Dubbed the "Father of Atlanta" and "hard fighter of everything," Jonathan Norcross was a pioneer in the railroad town.

Following Indian removal in the 1830s, in 1844 Norcross moved to northern Georgia, where he became a successful dry goods merchant and sawmill operator. His sawmill produced mainly railroad ties and string timbers for the assembly of the Georgia Railroad, which had a terminus at Atlanta. Reclaiming timber and debris discarded by the sawmill, poor settlers quickly began building crude shanties for their families.

=== Rise and fall ===
In 1845, pioneer life could be characterized as desolate and distinct with simple pleasures. The numerous male railroad workers in Atlanta sought rough trade. About 15 years before the American Civil War, this was a time of ill repute for Atlanta; the railroad town was known for vice and political corruption. A collection of huts, shacks, brothels, and saloons began developing in the settlement. It grew alongside the similar nearby developments of Snake Nation and Murrell's Row.

Norcross commented, "the reason why the streets are so crooked, is that every man built on his land just to suit himself."

In 1851, there was an election for the Mayor of Atlanta. The Free and Rowdy Party ("rowdies") which represented the "toughs" of Slabtown, Murrell's Row, and Snake Nation, nominated lawyer and former city councilman L. C. Simpson. (Note: Martin, p.89) The Moral Party nominated Jonathan Norcross. (Note: Martin, p.89) Norcross won the election, becoming the fourth mayor of Atlanta. Soon Norcross, who was now in charge of the police court, made a point of sending rowdies to the city's new jail.
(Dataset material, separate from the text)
(* Let $(D,D_{t'})$ be a proper pair (in the sense allowing contemporaneous effects) and let $A,C\subseteq V\cup W$ and $B\subseteq V$ be pairwise disjoint. Assume there are no tailed directed edges into $B$ in $D$. If $B$ is $\delta$-separated from $A$ given $C$ in $D$, then for every $0<t\le t'$, $\nu_t^B$ is $d$-separated from $\bar\nu_{t-1}^A$ given $\bar\nu_{t-1}^{B\cup C}$ in $D_{t'}$.
   Context: $V$, $W$ are finite disjoint sets ($W$ = baseline nodes). Tailed directed graph: graph on $V\cup W$ with directed edges $i\to j$ and tailed directed edges $i\bullet\!\!\to j$; $i\ast\!\!\to j$ means either. Only baseline nodes have edges into baseline nodes, and these are tailed. $D^-$ is the DG with $i\to j$ iff $i\ast\!\!\to j$ in $D$. DG terminology: path = walk without repeated nodes; collider = non-endpoint node with both adjacent edges pointing into it; $\mathrm{an}(C)$ = nodes with a directed path into $C$. $\delta$-separation in a DG $G$: with $G^B$ obtained by deleting all edges $i\to j$ with $i\in B$, $B$ is $\delta$-separated from $A$ given $C$ if every path in $G^B$ between $A$ and $B$ contains a noncollider in $C$ or a collider not in $\mathrm{an}_G(C)\cup C$; in a tailed directed graph $D$ this is applied to $D^-$. $d$-separation in a DAG: same blocking condition on paths of the DAG with no edge deletion. Unrolling: the unrolled version of $D$ on $t'$ lags is the DAG $D_{t'}$ on nodes $\bigcup_{i\in V}\{\nu_0^i,\dots,\nu_{t'}^i\}\cup\{\nu_0^i:i\in W\}$ with $\nu_s^i\to\nu_t^j$ if $s<t$ and $i\ast\!\!\to j$, and $\nu_t^i\to\nu_t^j$ if $i\bullet\!\!\to j$. Rolling: the rolled version of a DAG $D_{t'}$ on such a node set has $i\ast\!\!\to j$ if $\nu_s^i\to\nu_t^j$ for some $s\le t$, and $i\bullet\!\!\to j$ iff $\nu_t^i\to\nu_t^j$ for some $t$. Standing assumption: if $\nu_t^i\to\nu_t^j$ is present then so is $\nu_s^i\to\nu_u^j$ for some $s<u$. $(D,D_{t'})$ is proper if $D$ is the rolled version of $D_{t'}$ or $D_{t'}$ is the unrolled version of $D$. $\nu_t^A=\{\nu_t^i:i\in A\}$, $\bar\nu_t^A=\{\nu_s^i:i\in A,s\le t\}$. *)

From mathcomp Require Import all_boot.
Set Implicit Arguments. Unset Strict Implicit. Unset Printing Implicit Defensive.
After some rowdies threatened the mayor with a cannon, Norcross met with the city council for a secret emergency meeting and began deputizing people loyal to the Moral Party, who that evening were armed and stationed at Norcross' store and in various areas around the city. The rowdies also formed an armed militia, but did not attempt to fire the cannon. Then, at midnight, several squads of the deputized force cleared much of Slabtown and arrested Free and Rowdy Party leaders, who were tried and jailed the next day. (Note: Martin, pp. 91–93) However, Slabtown was not cleared permanently at this time, and was quickly rebuilt.

In 1902, an informal militia in disguise, known as White Caps, attacked Slab Town and Snake Nation in the night. (Note: Martin, pp. 93–94) They whipped the men and hauled the women to Decatur in wagons, warning all of them to leave town. (Note: Martin, pp. 93–94) They also burned down the shanties, and the area was abandoned.

=== 21st-century art and Slabtown ===
In early February 2010, Atlanta Beltline, Inc. (ABI) and Atlanta's Office of Cultural Affairs developed a project Art on the Beltline: Atlanta's New Public Place as part of redevelopment of the former industrial areas around the city. They sequenced visual and performance art installations, as well as historic site interpretations, at different points along the Atlanta Beltline to draw the public. A sculptural homage of the City's historic Slabtown was assembled by the contemporary art collective THE STATUS FACTION. Located on Irwin Street at the Beltline, the Slab Town installation resembles the "slab-style residences" which were destroyed and abandoned in 1902.